Some commentators pointed out that “after the Brexit’s blow”, the EU is heading towards a new phase in its process of integration; as a matter of fact, five “frugal” EU countries have been tough negotiators…, but they failed to block the process of further integration.
However, there could be slightly different approaches to analysis of the roles of the most important “socio-economic operators” in the post-pandemic period. In some EU states, the following “transitional components” in perspective growth have been under scrutiny: a) workforce and labour market, b) business and entrepreneurship, and c) regional and national governance as the most important aspects in both recovery and resilience efforts.
Some analysis of these factors has been made by the European Integration Institute (Denmark) in the research project published at the end of 2020:
More in: in: https://www.integrin.dk/2020/09/11/post-covids-political-economy-facing-inevitable-changes/ and https://www.integrin.dk/2020/10/25/post-covid-effects-on-modern-governance-and-political-economy/.
Presently, the EU is eager to enforce the “green transition” in the member states: suffice it to mention that the present Portugal’s Council presidency in the first half of 2021, explicitly included in its priorities the notion of “Green and Resilient Europe” putting at the centre of the member states recovery coherent approaches coped with the “green, social, digital and global Europe” issues.
Advances in structural reforms
Success in European integration, to a certain degree, depends on optimal advance in national structural reforms; the latter are supposed to be in line with the modern global and European challenges. Particularly, at present, structural reforms are needed to make our economies more stable, inclusive, productive and resilient. Depending on the year, technical support is generally provided to help the states reform their budgetary systems, modernising public administration and enhance the quality and efficiency of national judicial systems, assisting in efforts to combat fraud, corruption and money laundering. Furthermore, support is rendered in a better management of natural resources and resource efficiency, to implement Union’s energy and sustainability initiatives. In addition, states will be assisted in the development of capital markets, in insolvency frameworks and in strengthening their ability to deal with non-performing loans. Most states in the post-covid period will benefit from support to implement reforms in healthcare and social welfare systems.

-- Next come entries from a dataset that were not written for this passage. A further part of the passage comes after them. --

(* Fix a degree r and an index j0 of the quotient basis of M_r / D_r.  The
   j0-th coordinate of M_r / D_r, read in degree r only, is a graded map from M
   to the skyscraper module R concentrated in degree r, since it kills D_r.
   Projectivity of M lifts it along a graded surjection from a module in which
   degree r maps isomorphically onto the skyscraper and the structure maps out
   of degree q are the identity when r <= q and zero otherwise.  Applying the
   lift in degree i to a relation sum c_(q,j) t^(i-q) e^q_j = 0 with r maximal
   among the degrees carrying a nonzero coefficient leaves only c_(r,j0). *)

From HB Require Import structures.
From mathcomp Require Import all_boot all_order all_algebra.
From Stdlib Require Import ClassicalEpsilon.
Import Order.TTheory GRing.Theory.
Set Implicit Arguments. Unset Strict Implicit. Unset Printing Implicit Defensive.

Local Open Scope ring_scope.

Section SubmoduleD.

Variables (R : idomainType) (d : Order.disp_t) (P : porderType d).
Variables (M : pmod R P) (r : P).

Lemma inD0 : inD M (0 : pm_obj M r).
Proof. by exists [::]; rewrite big_nil. Qed.

Lemma inDD (x y : pm_obj M r) : inD M x -> inD M y -> inD M (x + y).
Proof.
move=> [s1 [lt1 ->]] [s2 [lt2 ->]]; exists (s1 ++ s2).
by rewrite all_cat lt1 lt2 big_cat.
Qed.

Lemma inDZ (k : R) (x : pm_obj M r) : inD M x -> inD M (k *: x).
Proof.
move=> [s [lts ->]].
exists [seq existT (fun q => pm_obj M q) (tag p) (k *: tagged p) | p <- s]; split.
  by rewrite all_map; apply: sub_all lts => p.
by rewrite big_map scaler_sumr; apply: eq_bigr => p _; rewrite linearZ.
Qed.

Lemma inDB (x y : pm_obj M r) : inD M x -> inD M y -> inD M (x - y).
Proof. by move=> Dx Dy; apply: inDD Dx _; rewrite -scaleN1r; apply: inDZ. Qed.

Lemma inD_map (q : P) (x : pm_obj M q) : (q < r)%O -> inD M (pm_map M q r x).
Proof.
by move=> qr; exists [:: Tagged (fun a => pm_obj M a) x]; rewrite /= qr big_seq1.
Qed.

End SubmoduleD.

Section QuotientCoordinates.

Variables (R : idomainType) (d : Order.disp_t) (P : porderType d).
Variables (M : pmod R P) (r : P) (n : nat) (e : 'I_n -> pm_obj M r).
Hypothesis e_basis : quot_basis e.

Definition quot_coord (x : pm_obj M r) : 'I_n -> R :=
  epsilon (inhabits (fun _ => 0)) (fun c => inD M (x - \sum_j c j *: e j)).

Lemma quot_coordP x : inD M (x - \sum_j quot_coord x j *: e j).
Proof.
have [_ span _] := e_basis.
exact: (epsilon_spec _ (fun c => inD M (x - \sum_j c j *: e j)) (span x)).
Qed.

Lemma quot_coord_unique x (c : 'I_n -> R) :
  inD M (x - \sum_j c j *: e j) -> quot_coord x =1 c.
Proof.
move=> Dc j; apply/eqP; rewrite -subr_eq0; apply/eqP; move: j.
case: e_basis => _ _; apply.
have -> : \sum_j (quot_coord x j - c j) *: e j =
          (x - \sum_j c j *: e j) - (x - \sum_j quot_coord x j *: e j).
  by rewrite opprB addrC addrA subrK -sumrB; apply: eq_bigr => j _; rewrite scalerBl.
exact: inDB Dc (quot_coordP x).
Qed.

Lemma quot_coordZD k x y j :
  quot_coord (k *: x + y) j = k * quot_coord x j + quot_coord y j.
Proof.
apply: (@quot_coord_unique _ (fun j => k * quot_coord x j + quot_coord y j)).
have -> : k *: x + y - \sum_j (k * quot_coord x j + quot_coord y j) *: e j =
  k *: (x - \sum_j quot_coord x j *: e j) + (y - \sum_j quot_coord y j *: e j).
  rewrite scalerBr scaler_sumr addrACA -opprD -big_split /=; congr (_ - _).
  by apply: eq_bigr => l _; rewrite scalerDl scalerA.
by apply: inDD; [apply: inDZ|]; apply: quot_coordP.
Qed.

Lemma quot_coord_inD x : inD M x -> quot_coord x =1 fun=> 0.
Proof.
by move=> Dx; apply: quot_coord_unique; rewrite big1 ?subr0 // => j _; rewrite scale0r.
Qed.

Lemma quot_coord_basis j : quot_coord (e j) =1 fun k => (k == j)%:R.
Proof.
apply: quot_coord_unique; rewrite (bigD1 j) //= eqxx scale1r big1 ?addr0 ?subrr.
  exact: inD0.
by move=> k /negbTE ->; rewrite scale0r.
Qed.

(* Coordinates indexed by nat, so that they can be compared across degrees
   whose bases have different index types; out-of-range indices give 0. *)
Definition quot_coordn (x : pm_obj M r) (m : nat) : R :=
  if insub m is Some j then quot_coord x j else 0.

Lemma quot_coordnZD k x y m :
  quot_coordn (k *: x + y) m = k * quot_coordn x m + quot_coordn y m.
Proof.
by rewrite /quot_coordn; case: insub => [j|]; rewrite ?quot_coordZD ?mulr0 ?addr0.
Qed.

Lemma quot_coordn_inD x m : inD M x -> quot_coordn x m = 0.
Proof.
by move=> Dx; rewrite /quot_coordn; case: insub => // j; apply: quot_coord_inD.
Qed.

Lemma quot_coordn_basis j m : quot_coordn (e j) m = (nat_of_ord j == m)%:R.
Proof.
rewrite /quot_coordn; case: insubP => [k _ <-|].
  by rewrite quot_coord_basis eq_sym.
by case: eqP => // <-; rewrite ltn_ord.
Qed.

End QuotientCoordinates.

Section RowsOfWidthAtMostOne.

Variable R : pzRingType.

Lemma mul_const1E m n (x : 'M[R]_(m, 1)) i k :
  (x *m const_mx 1 : 'M_(m, n)) i k = x i 0.
Proof. by rewrite !mxE big_ord1 mxE mulr1. Qed.

Lemma mul_const1_small n (x : 'rV[R]_n) : (n <= 1)%N -> x *m const_mx 1 = x.
Proof.
case: n x => [|[|//]] x _; first by rewrite thinmx0 [x]thinmx0.
by apply/matrixP => i k; rewrite mul_const1E !ord1.
Qed.

Lemma mul_const1K n (x : 'rV[R]_n) :
  (n <= 1)%N -> x *m (const_mx 1 : 'M_(n, 1)) *m const_mx 1 = x.
Proof.
case: n x => [|[|//]] x _; first by rewrite thinmx0 [x]thinmx0.
by apply/matrixP => i k; rewrite mul_const1E mul_const1E !ord1.
Qed.

Lemma mul_const0 m n p (x : 'M[R]_(m, n)) : x *m (const_mx 0 : 'M_(n, p)) = 0.
Proof. by apply/matrixP => i k; rewrite !mxE big1 // => l _; rewrite mxE mulr0. Qed.

End RowsOfWidthAtMostOne.

Section SkyscraperCover.

Variables (R : idomainType) (d : Order.disp_t) (P : porderType d) (r : P).

(* Degree a carries the row space 'rV_(a == r): R in degree r, 0 elsewhere. *)
Definition skyscraper : pmod R P :=
  @PMod R _ P (fun a => 'rV[R]_(a == r)) (fun a b => mulmxr (const_mx (a == b)%:R)).

Definition skyscraper_cover : pmod R P :=
  @PMod R _ P (fun=> 'rV[R]_1) (fun a b => mulmxr (((r <= a)%O || (a == b))%:R%:M)).

Definition skyscraper_proj a :
  {linear pm_obj skyscraper_cover a -> pm_obj skyscraper a} := mulmxr (const_mx 1).

Lemma skyscraper_pmod : is_pmod skyscraper.
Proof.
split=> [a x|a b c x ab bc] /=; first by rewrite (eqxx a) mul_const1_small ?leq_b1.
have [<-|/negbTE nab] := eqVneq a b; first by rewrite mul_const1_small ?leq_b1.
have -> : (a == c) = false.
  by apply: contraFF nab => /eqP ac; rewrite eq_le ab ac bc.
by rewrite !mul_const0 mul0mx.
Qed.

Lemma skyscraper_cover_pmod : is_pmod skyscraper_cover.
Proof.
split=> [a x|a b c x ab bc] /=; first by rewrite eqxx orbT mulmx1.
rewrite !mul_mx_scalar scalerA -natrM.
have [ra|ra] /= := boolP (r <= a)%O; first by rewrite (le_trans ra ab).
have [<-|nab] := eqVneq a b; first by rewrite (negbTE ra) muln1.
rewrite muln0; have [ac|//] := eqVneq a c.
by case/eqP: nab; apply: le_anti; rewrite ab ac bc.
Qed.

Lemma skyscraper_proj_hom : pmod_hom skyscraper_proj.
Proof.
move=> a b x ab /=; rewrite mul_mx_scalar.
have [<-|nab] := eqVneq a b; first by rewrite orbT scale1r mul_const1_small ?leq_b1.
rewrite orbF mul_const0.
have [ra|_] := boolP (r <= a)%O; last by rewrite scale0r mul0mx.
apply/matrixP => i [k kb]; have /eqP br : b == r by case: (b == r) kb.
by case/eqP: nab; apply: le_anti; rewrite ab br ra.
Qed.

Lemma skyscraper_proj_surj a y : exists x, skyscraper_proj a x = y.
Proof. by exists (y *m const_mx 1); rewrite /= mul_const1K ?leq_b1. Qed.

The EU’s support for structural reforms in the states is a rater recent endeavor: Commission started the “structural reform support service, SRSS” already in 2015; the program entered into force in May 2017. The main idea was to assist the member states in the preparation, design and implementation of institutional, structural and administrative reforms. The SRSS manages support programs with an average yearly budget of about €140 million during 2017-2020. The support provided through the program is available to all EU states upon their request and requires no co-financing.
European Commission through annual working programs support measures in the states concerning structural reforms: about 150 projects almost in all EU member states are getting technical support to carry out perspective transformations.
More in: Factsheet – Structural Reform Support Service
The chosen theme in the second article devoted to political-economy’s issues is, according to our Institute’s opinion, vital for the European future: only sophisticated and thorough member states’ development programs can provide for success in perspective integration.